> _PROMPT_: Each line below from the one containing "rewrite (brDr Hbr y) (brDr Hbr y) yyxy add0r." through the one containing "Let xxv : br" is to be given again exactly, and no line outside that span.

╭─ RECORDS FOR THE TASK

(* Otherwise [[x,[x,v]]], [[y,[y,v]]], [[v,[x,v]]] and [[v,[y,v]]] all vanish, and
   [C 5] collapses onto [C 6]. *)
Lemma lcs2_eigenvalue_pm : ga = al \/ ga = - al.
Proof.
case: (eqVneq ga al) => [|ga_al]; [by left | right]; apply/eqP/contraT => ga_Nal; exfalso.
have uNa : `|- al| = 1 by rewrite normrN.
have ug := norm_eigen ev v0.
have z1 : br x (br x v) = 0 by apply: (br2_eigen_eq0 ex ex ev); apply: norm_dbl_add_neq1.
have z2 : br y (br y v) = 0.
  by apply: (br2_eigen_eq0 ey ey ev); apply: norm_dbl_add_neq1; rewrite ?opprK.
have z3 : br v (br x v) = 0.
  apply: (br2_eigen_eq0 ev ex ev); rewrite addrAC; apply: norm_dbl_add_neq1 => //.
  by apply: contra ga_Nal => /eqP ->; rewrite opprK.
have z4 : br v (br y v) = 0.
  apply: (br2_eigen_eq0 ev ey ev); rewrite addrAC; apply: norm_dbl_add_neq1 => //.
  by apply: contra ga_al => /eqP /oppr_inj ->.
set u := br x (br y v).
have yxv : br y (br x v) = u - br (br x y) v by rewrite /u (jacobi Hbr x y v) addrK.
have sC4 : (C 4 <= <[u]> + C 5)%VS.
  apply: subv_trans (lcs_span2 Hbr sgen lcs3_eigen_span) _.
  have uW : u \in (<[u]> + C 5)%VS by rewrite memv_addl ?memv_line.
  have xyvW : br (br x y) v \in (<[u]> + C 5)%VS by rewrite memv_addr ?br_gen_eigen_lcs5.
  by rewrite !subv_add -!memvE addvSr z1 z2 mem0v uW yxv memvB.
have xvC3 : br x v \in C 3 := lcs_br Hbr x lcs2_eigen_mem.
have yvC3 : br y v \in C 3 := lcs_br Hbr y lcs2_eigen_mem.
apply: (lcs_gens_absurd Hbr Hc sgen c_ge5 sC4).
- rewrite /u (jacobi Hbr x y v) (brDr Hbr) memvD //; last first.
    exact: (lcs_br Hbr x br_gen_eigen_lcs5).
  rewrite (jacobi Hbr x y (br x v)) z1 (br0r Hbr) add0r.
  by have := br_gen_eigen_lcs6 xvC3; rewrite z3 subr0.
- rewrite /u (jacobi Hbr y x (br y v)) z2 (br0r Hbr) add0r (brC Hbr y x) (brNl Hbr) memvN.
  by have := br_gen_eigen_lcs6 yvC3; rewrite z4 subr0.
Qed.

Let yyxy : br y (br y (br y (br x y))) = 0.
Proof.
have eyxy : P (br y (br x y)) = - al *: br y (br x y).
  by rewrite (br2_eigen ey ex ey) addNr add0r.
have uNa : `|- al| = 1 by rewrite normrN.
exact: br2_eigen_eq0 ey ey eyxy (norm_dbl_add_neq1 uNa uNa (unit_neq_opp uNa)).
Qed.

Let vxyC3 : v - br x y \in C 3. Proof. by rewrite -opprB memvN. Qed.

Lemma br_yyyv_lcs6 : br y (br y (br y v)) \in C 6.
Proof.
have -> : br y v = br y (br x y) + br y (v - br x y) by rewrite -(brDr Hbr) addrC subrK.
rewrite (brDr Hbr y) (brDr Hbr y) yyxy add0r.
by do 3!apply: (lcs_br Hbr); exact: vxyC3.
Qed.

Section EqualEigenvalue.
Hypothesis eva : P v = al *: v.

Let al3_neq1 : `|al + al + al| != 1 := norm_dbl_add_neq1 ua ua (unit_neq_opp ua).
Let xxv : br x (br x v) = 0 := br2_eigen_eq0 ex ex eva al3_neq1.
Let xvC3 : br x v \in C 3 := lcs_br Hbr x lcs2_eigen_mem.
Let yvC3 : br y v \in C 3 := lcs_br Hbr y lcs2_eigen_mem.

╰─

> _ANSWER SPACE_:
rewrite (brDr Hbr y) (brDr Hbr y) yyxy add0r.
by do 3!apply: (lcs_br Hbr); exact: vxyC3.
Qed.

Section EqualEigenvalue.
Hypothesis eva : P v = al *: v.

Let al3_neq1 : `|al + al + al| != 1 := norm_dbl_add_neq1 ua ua (unit_neq_opp ua).
Let xxv : br x (br x v) = 0 := br2_eigen_eq0 ex ex eva al3_neq1.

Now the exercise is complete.